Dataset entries
::::::
(* Let $t$ be a positive integer, $n\ge 4t^2+10t$, and let $c\ge 3$ be an integer with $n\ge (t+1)c-1$. Then $$\lambda_1\big(D(K_{2t-1}\vee(K_{n-2t}+K_1))\big)<n+2\le \lambda_1\big(D(K_{tc-1}\vee(K_{n-(t+1)c+2}+(c-1)K_1))\big).$$
   Context: For a connected graph $G$, $D(G)$ is the distance matrix and $\lambda_1(D(G))$ its largest eigenvalue. $K_m$ is the complete graph, $+$ is disjoint union, $(c-1)K_1$ is $c-1$ isolated vertices, $\vee$ is the join (disjoint union plus all edges between the two parts). *)

From HB Require Import structures.
From mathcomp Require Import all_boot all_order all_algebra.
From mathcomp Require Import classical_sets reals.
Set Implicit Arguments. Unset Strict Implicit. Unset Printing Implicit Defensive.
Import Order.TTheory GRing.Theory Num.Theory.

Definition complete_graph (m : nat) : rel 'I_m := fun x y => x != y.
Definition empty_graph (m : nat) : rel 'I_m := fun _ _ => false.

Definition gunion (T1 T2 : finType) (e1 : rel T1) (e2 : rel T2) : rel (T1 + T2)%type :=
  fun x y => match x, y with
             | inl a, inl b => e1 a b
             | inr a, inr b => e2 a b
             | _, _ => false
             end.

Definition gjoin (T1 T2 : finType) (e1 : rel T1) (e2 : rel T2) : rel (T1 + T2)%type :=
  fun x y => match x, y with
             | inl a, inl b => e1 a b
             | inr a, inr b => e2 a b
             | _, _ => true
             end.

Fixpoint reach (T : finType) (e : rel T) (k : nat) (x y : T) : bool :=
  match k with
  | 0 => x == y
  | k'.+1 => reach e k' x y || [exists z, reach e k' x z && e z y]
  end.

(* graph distance: least k with a walk of length k from x to y
   (defaults to #|T| if y is unreachable; irrelevant for connected graphs) *)
Definition gdist (T : finType) (e : rel T) (x y : T) : nat :=
  find (fun k => reach e k x y) (iota 0 #|T|).

Definition distmx (R : realType) (T : finType) (e : rel T) : 'M[R]_#|T| :=
  (\matrix_(i, j) (gdist e (enum_val i) (enum_val j))%:R)%R.

(* largest eigenvalue of a real square matrix (for symmetric matrices all
   eigenvalues are real, and the spectrum is finite and nonempty) *)
Definition lambda1 (R : realType) (m : nat) (A : 'M[R]_m) : R :=
  sup [set a : R | eigenvalue A a].

Arguments complete_graph : clear implicits.
Arguments empty_graph : clear implicits.

(* The distance matrices of both graphs are constant on the blocks cut out by the
   three vertex classes (the dominating clique, the other complete part, the
   remaining vertices), and all their off-diagonal entries are 1 or 2.

   For the first graph a Collatz-Wielandt bound suffices: with weight n+2 on both
   complete parts and 2n-2t on the pendant vertex, each weighted column sum of the
   distance matrix is at most (n+2 - 1/(n+2)) times the weight of its column, so
   every eigenvalue lies strictly below n+2.

   For the second graph, a vector constant on the three classes is an eigenvector
   for every nonnegative root r of the cubic [join_pivot].  This cubic is
   nonpositive at n+2 (this is where n >= 4t^2+10t and c >= 3 are used) and
   positive far to the right, so it has a root r >= n+2. *)

From HB Require Import structures.
From mathcomp Require Import all_boot all_order all_algebra.
From mathcomp Require Import classical_sets reals.
From mathcomp Require Import ring lra zify.
Import Order.TTheory GRing.Theory Num.Theory.

Set Implicit Arguments.
Unset Strict Implicit.
Unset Printing Implicit Defensive.

Section GraphDistance.
Variables (T : finType) (e : rel T).

Lemma exists_eq_step x y : [exists z, (x == z) && e z y] = e x y.
Proof.
apply/existsP/idP => [[z /andP[/eqP-> //]]|exy].
by exists x; rewrite eqxx.
Qed.

Lemma gdist_refl x : (0 < #|T|)%N -> gdist e x x = 0%N.
Proof. by rewrite /gdist; case: #|T| => //= k _; rewrite eqxx. Qed.

Lemma gdist_adj x y : (1 < #|T|)%N -> x != y -> e x y -> gdist e x y = 1%N.
Proof.
rewrite /gdist; case: #|T| => [|[|k]] //= _ /negbTE neq_xy exy.
by rewrite neq_xy exists_eq_step exy.
Qed.

Lemma gdist_common_nbr x y z : (2 < #|T|)%N -> x != y -> ~~ e x y ->
  e x z -> e z y -> gdist e x y = 2%N.
Proof.
rewrite /gdist; case: #|T| => [|[|[|k]]] //= _ /negbTE neq_xy /negbTE nexy exz ezy.
rewrite neq_xy exists_eq_step nexy /=.
suff -> : [exists z0, ((x == z0) || [exists z1, (x == z1) && e z1 z0]) && e z0 y] by [].
by apply/existsP; exists z; rewrite exists_eq_step exz orbT.
Qed.

End GraphDistance.

Definition join_dist (k l : nat) (S : finType) (x y : 'I_k + ('I_l + S)) : nat :=
  if x == y then 0%N else
  match x, y with
  | inl _, _ | _, inl _ | inr (inl _), inr (inl _) => 1%N
  | _, _ => 2%N
  end.

Lemma gdist_join_clique (k l : nat) (S : finType) (f : rel S) x y :
  (forall a b, f a b = false) -> (0 < k)%N -> (2 < #|{: 'I_k + ('I_l + S)}|)%N ->
  gdist (gjoin (complete_graph k) (gunion (complete_graph l) f)) x y = join_dist x y.
Proof.
move=> f_edgeless k_gt0 card_gt2; rewrite /join_dist.
have [->|neq_xy] := eqVneq x y; first by apply: gdist_refl; apply: ltnW (ltnW _).
case: x neq_xy => [a|[a|a]]; case: y => [b|[b|b]] neq_xy;
  try by apply: gdist_adj (ltnW _) _ _ => //=; apply: contraNneq neq_xy => ->.
all: by apply: (@gdist_common_nbr _ _ _ _ (inl (Ordinal k_gt0))) => //=; rewrite f_edgeless.
Qed.

Local Open Scope ring_scope.

Definition blockwise (R : Type) (A B C : Type) (x1 x2 x3 : R) (y : A + (B + C)) : R :=
  match y with inl _ => x1 | inr (inl _) => x2 | inr (inr _) => x3 end.

Lemma sum_ord_except (R : pzRingType) m (a : 'I_m) (v : R) :
  \sum_(i < m) (if i == a then 0 else v) = m%:R * v - v.
Proof.
rewrite (bigD1 a) //= eqxx add0r (eq_bigr (fun=> v)) => [|i /negbTE -> //].
rewrite sumr_const cardC1 card_ord; case: m a => [[]//|m a].
by rewrite mulr_natl mulrSr addrK.
Qed.

Lemma sum_join_dist (R : comPzRingType) k l m (x1 x2 x3 : R) (x : 'I_k + ('I_l + 'I_m)) :
  \sum_y blockwise x1 x2 x3 y * (join_dist y x)%:R =
  match x with
  | inl _ => k%:R * x1 - x1 + l%:R * x2 + m%:R * x3
  | inr (inl _) => k%:R * x1 + l%:R * x2 - x2 + 2 * m%:R * x3
  | inr (inr _) => k%:R * x1 + 2 * l%:R * x2 + 2 * m%:R * x3 - 2 * x3
  end.
Proof.
have sum_except (n : nat) (a : 'I_n) (c : R) (d : nat) (P : 'I_n -> bool) :
    P =1 pred1 a -> \sum_i c * (if P i then 0%N else d)%:R = n%:R * (c * d%:R) - c * d%:R.
  move=> Pa; rewrite -(sum_ord_except a); apply: eq_bigr => i _.
  by rewrite Pa /=; case: eqP; rewrite ?mulr0.
rewrite !big_sumType /join_dist.
case: x => [a|[a|a]] /=; rewrite ?(@sum_except _ a) // !sumr_const !card_ord; ring.
Qed.

Lemma normr_distmx (R : realType) (T : finType) (e : rel T) i j :
  `|distmx R e i j| = distmx R e i j.
Proof. by rewrite mxE normr_nat. Qed.

Lemma distmx_weighted_colsum (R : realType) (T : finType) (e : rel T) (w : T -> R) j :
  \sum_i w (enum_val i) * distmx R e i j = \sum_x w x * (gdist e x (enum_val j))%:R.
Proof.
under eq_bigr do rewrite mxE.
by rewrite -(big_enum_val (fun x => w x * (gdist e x (enum_val j))%:R)).
Qed.

Lemma eigenvalue_le_weighted_colsum (R : realFieldType) m (A : 'M[R]_m)
    (w : 'I_m -> R) (b a : R) :
  (forall i, 0 < w i) -> (forall j, \sum_i w i * `|A i j| <= b * w j) ->
  eigenvalue A a -> `|a| <= b.
Proof.
move=> w_gt0 colsum_le /eigenvalueP[v vA v_neq0].
have [j0 vj0_neq0] : exists j, v 0 j != 0.
  apply/existsP; apply: contraNT v_neq0; rewrite negb_exists => /forallP v0.
  by apply/eqP/rowP => j; rewrite !mxE; apply/eqP; rewrite -[_ == _]negbK v0.
pose g j := `|v 0 j| / w j.
have [j _ g_max] := @arg_maxP _ R _ j0 predT g isT.
have gj_gt0 : 0 < g j.
  by apply: lt_le_trans (g_max j0 isT); rewrite divr_gt0 ?normr_gt0.
have vAj : a * v 0 j = \sum_i v 0 i * A i j.
  by have := congr1 (fun M : 'M_(1, m) => M 0 j) vA; rewrite !mxE => <-.
have : `|a| * `|v 0 j| <= g j * (b * w j).
  rewrite -normrM vAj; apply: le_trans (ler_norm_sum _ _ _) _.
  apply: le_trans (ler_wpM2l (ltW gj_gt0) (colsum_le j)); rewrite mulr_sumr.
  apply: ler_sum => i _; rewrite normrM mulrA ler_wpM2r //.
  by have := g_max i isT; rewrite /= {1}/g ler_pdivrMr.
have -> : `|v 0 j| = g j * w j by rewrite /g mulrVK // unitfE gt_eqF.
by rewrite mulrCA ler_pM2l // ler_pM2r.
Qed.

Lemma eigenvalue_le_sum_norm (R : realFieldType) m (A : 'M[R]_m) a :
  eigenvalue A a -> a <= \sum_i \sum_j `|A i j|.
Proof.
move=> eig_a; apply: le_trans (ler_norm a) _.
apply: (eigenvalue_le_weighted_colsum (w := fun=> 1)) eig_a => // j.
rewrite mulr1; apply: ler_sum => i _.
by rewrite mul1r (bigD1 j) //= lerDl sumr_ge0.
Qed.

Section Lambda1.
Local Open Scope classical_set_scope.
Variable R : realType.

Lemma lambda1_le_bound m (A : 'M[R]_m) b :
  0 <= b -> (forall a, eigenvalue A a -> a <= b) -> lambda1 A <= b.
Proof.
move=> b_ge0 eig_le; rewrite /lambda1.
have [[a eig_a]|no_eig] := boolp.pselect ([set a : R | eigenvalue A a] !=set0).
  by apply: ge_sup => [|x /eig_le]; first by exists a.
rewrite (_ : [set a : R | eigenvalue A a] = set0) ?sup0 //.
by apply/seteqP; split => // a eig_a; apply: no_eig; exists a.
Qed.

Lemma eigenvalue_le_lambda1 m (A : 'M[R]_m) a : eigenvalue A a -> a <= lambda1 A.
Proof.
move=> eig_a; apply: ub_le_sup => //.
by exists (\sum_i \sum_j `|A i j|) => x /eigenvalue_le_sum_norm.
Qed.

End Lambda1.

Lemma lambda1_join_clique_pendant_lt (R : realType) (k l : nat) :
  (0 < k)%N -> (1 < k + l)%N ->
  lambda1 (distmx R (gjoin (complete_graph k)
                           (gunion (complete_graph l) (complete_graph 1))))
    < (k + l + 3)%:R.
Proof.
move=> k_gt0 kl_gt1.
have card_gt2 : (2 < #|{: 'I_k + ('I_l + 'I_1)}|)%N by rewrite !card_sum !card_ord; lia.
have K1_edgeless (a b : 'I_1) : complete_graph 1 a b = false.
  by rewrite /complete_graph (ord1 a) (ord1 b) eqxx.
set K : R := k%:R; set L : R := l%:R; set M : R := (k + l + 3)%:R.
have M_def : M = K + L + 3 by rewrite /M !natrD.
have K_ge1 : 1 <= K by rewrite ler1n.
have L_ge0 : 0 <= L by rewrite ler0n.
have M_gt0 : 0 < M by lra.
pose W := blockwise M M (K + 2 * L + 1) : 'I_k + ('I_l + 'I_1) -> R.
have M_inv_le1 : M^-1 <= 1 by rewrite invf_le1 //; lra.
have b_ge0 : 0 <= M - M^-1 by lra.
apply: le_lt_trans (lambda1_le_bound b_ge0 _) _; last by rewrite ltrBlDr ltrDl invr_gt0.
move=> a eig_a; apply: le_trans (ler_norm a) _.
apply: (eigenvalue_le_weighted_colsum (w := fun i => W (enum_val i))) eig_a.
  by move=> i; rewrite /W; case: (enum_val i) => [?|[?|?]] /=; lra.
move=> j.
under eq_bigr do rewrite normr_distmx.
rewrite distmx_weighted_colsum.
under eq_bigr do rewrite gdist_join_clique //.
rewrite sum_join_dist mulrBl.
case: (enum_val j) => [?|[?|?]] /=; rewrite -/K -/L ?mulVf ?gt_eqF //.
- nra.
- nra.
have : (K + 2 * L + 1) / M <= M by rewrite ler_pdivrMr //; nra.
nra.
Qed.

(* The characteristic polynomial of the quotient of the distance matrix of
   K_K \/ (K_L + S K_1) over its three vertex classes. *)
Section JoinPivot.
Variables (R : realType) (K L S : R).

Definition join_pivot : {poly R} :=
  ('X - (K + L - 1)%:P) * ('X + 1%:P) * ('X + 2%:P)
  - S%:P * ('X + (L + 1)%:P) * (2%:P * 'X + (2 - K)%:P).

Lemma join_pivotE r : join_pivot.[r] =
  (r - (K + L - 1)) * (r + 1) * (r + 2) - S * (r + L + 1) * (2 * r + 2 - K).
Proof. by rewrite /join_pivot !(hornerD, hornerM, hornerN, hornerC, hornerX); ring. Qed.

Lemma join_pivot_ge0 a : 0 <= K -> 0 <= L -> 0 <= S -> 0 <= a ->
  0 <= join_pivot.[a + K + L + 2 * S * (L + 1)].
Proof.
move=> K_ge0 L_ge0 S_ge0 a_ge0; rewrite join_pivotE.
set r := a + K + L + 2 * S * (L + 1).
have r_ge0 : 0 <= r by rewrite /r; nra.
have P_ge0 : 0 <= (r + 1) * (r + 2) by nra.
have drop_K : S * (r + L + 1) * (2 * r + 2 - K) <= 2 * S * ((r + 1) * (r + L + 1)).
  have : 0 <= S * (r + L + 1) * K by rewrite !mulr_ge0 //; lra.
  lra.
have widen : 2 * S * ((r + 1) * (r + L + 1)) <= 2 * S * (L + 1) * ((r + 1) * (r + 2)).
  have : (r + 1) * (r + L + 1) <= (L + 1) * ((r + 1) * (r + 2)) by nra.
  nra.
have lead : 2 * S * (L + 1) * ((r + 1) * (r + 2)) <= (r - (K + L - 1)) * ((r + 1) * (r + 2)).
  by rewrite ler_wpM2r // /r; lra.
lra.
Qed.

Lemma join_pivot_root a : 0 <= K -> 0 <= L -> 0 <= S -> 0 <= a ->
  join_pivot.[a] <= 0 -> exists2 r, a <= r & root join_pivot r.
Proof.
move=> K_ge0 L_ge0 S_ge0 a_ge0 pa_le0.
have a_le : a <= a + K + L + 2 * S * (L + 1) by nra.
have [|r /andP[a_le_r _] root_r] := @poly_ivt R join_pivot _ _ a_le.
  by rewrite pa_le0 join_pivot_ge0.
by exists r.
Qed.

End JoinPivot.

Lemma eigenvalue_join_clique_union_edgeless (R : realType) (k l m : nat) (r : R) :
  (0 < k)%N -> (0 < m)%N -> (2 < k + l + m)%N -> 0 <= r ->
  root (join_pivot k%:R l%:R m%:R) r ->
  eigenvalue (distmx R (gjoin (complete_graph k)
                              (gunion (complete_graph l) (empty_graph m)))) r.
Proof.
move=> k_gt0 m_gt0 klm_gt2 r_ge0 /rootP pivot_r.
have card_gt2 : (2 < #|{: 'I_k + ('I_l + 'I_m)}|)%N by rewrite !card_sum !card_ord addnA.
set L : R := l%:R; set S : R := m%:R.
pose x2 := (r + 1) * (r + 2); pose x3 := (r + 1) * (r + L + 1).
pose X := blockwise (x2 - S * (r + L + 1)) x2 x3 : 'I_k + ('I_l + 'I_m) -> R.
apply/eigenvalueP; exists (\row_i X (enum_val i)).
  apply/rowP => j; rewrite mxE [RHS]mxE [in RHS]mxE.
  under eq_bigr do rewrite mxE.
  rewrite distmx_weighted_colsum.
  under eq_bigr do rewrite gdist_join_clique //.
  rewrite sum_join_dist; apply/eqP; rewrite -subr_eq0 -oppr_eq0 -pivot_r join_pivotE.
  by apply/eqP; rewrite /X /x2 /x3; case: (enum_val j) => [?|[?|?]] /=; ring.
have L_ge0 : 0 <= L by rewrite ler0n.
have x3_gt0 : 0 < x3 by rewrite /x3 mulr_gt0 //; lra.
apply/eqP => /rowP /(_ (enum_rank (inr (inr (Ordinal m_gt0))))).
by rewrite !mxE enum_rankK /X /= => x3_eq0; move: x3_gt0; rewrite x3_eq0 ltxx.
Qed.

Lemma lambda1_join_clique_union_edgeless_ge (R : realType) (k l m : nat) :
  (0 < k)%N -> (0 < m)%N -> (2 < k + l + m)%N ->
  (join_pivot (k%:R : R) l%:R m%:R).[(k + l + m + 2)%:R] <= 0 ->
  (k + l + m + 2)%:R <= lambda1 (distmx R (gjoin (complete_graph k)
                                  (gunion (complete_graph l) (empty_graph m)))) :> R.
Proof.
move=> k_gt0 m_gt0 klm_gt2 pivot_le0.
have [r N_le_r root_r] := join_pivot_root (ler0n R k) (ler0n R l) (ler0n R m) (ler0n R _) pivot_le0.
have r_ge0 : 0 <= r := le_trans (ler0n R _) N_le_r.
apply: le_trans N_le_r (eigenvalue_le_lambda1 _).
exact: eigenvalue_join_clique_union_edgeless.
Qed.

Lemma join_pivot_le0 (R : realType) (t c l : nat) :
  (0 < t)%N -> (3 <= c)%N -> (4 * t ^ 2 + 10 * t + 2 <= (t + 1) * c + l)%N ->
  (join_pivot (t * c - 1)%:R l%:R (c - 1)%:R).[(t * c - 1 + l + (c - 1) + 2)%:R]
    <= 0 :> R.
Proof.
move=> t_gt0 c_ge3 order_ge.
(* The claim at r = tc + l + c, with both sides written over nat for [nia]. *)
have : ((c + 2) * (t * c + l + c + 1) * (t * c + l + c + 2)
        <= (c - 1) * (t * c + 2 * l + c + 1) * (t * c + 2 * l + 2 * c + 3))%N by nia.
have tc_ge1 : (1 <= t * c)%N by nia.
rewrite -(ler_nat R) join_pivotE !(natrD, natrM, natrB) //; last by lia.
lra.
Qed.

Local Close Scope ring_scope.

Theorem mainTheorem6 (R : realType) (t n c : nat)
  (ht : (0 < t)%N) (hn : (4 * t ^ 2 + 10 * t <= n)%N)
  (hc : (3 <= c)%N) (hnc : ((t + 1) * c - 1 <= n)%N) :
  (lambda1 (distmx R
     (gjoin (complete_graph (2 * t - 1)%N)
            (gunion (complete_graph (n - 2 * t)%N) (complete_graph 1))))
     < (n + 2)%N%:R)%R
  /\
  ((n + 2)%N%:R <=
     lambda1 (distmx R
     (gjoin (complete_graph (t * c - 1)%N)
            (gunion (complete_graph (n + 2 - (t + 1) * c)%N) (empty_graph (c - 1)%N)))))%R.
Proof.
split.
  have := @lambda1_join_clique_pendant_lt R (2 * t - 1) (n - 2 * t).
  by rewrite (_ : (2 * t - 1 + (n - 2 * t) + 3 = n + 2)%N); [apply; lia | lia].
have sizes : (t * c - 1 + (n + 2 - (t + 1) * c) + (c - 1) + 2 = n + 2)%N by nia.
rewrite -{1}sizes; apply: lambda1_join_clique_union_edgeless_ge; [nia | lia | nia |].
by apply: join_pivot_le0 => //; lia.
Qed.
::::::
● What to do
Please make an exact copy of the lines above from the line with "case: x neq_xy" through the line with "Local Open Scope ring_scope.", both ends included.

● Solution to the exercise
case: x neq_xy => [a|[a|a]]; case: y => [b|[b|b]] neq_xy;
  try by apply: gdist_adj (ltnW _) _ _ => //=; apply: contraNneq neq_xy => ->.
all: by apply: (@gdist_common_nbr _ _ _ _ (inl (Ordinal k_gt0))) => //=; rewrite f_edgeless.
Qed.

Local Open Scope ring_scope.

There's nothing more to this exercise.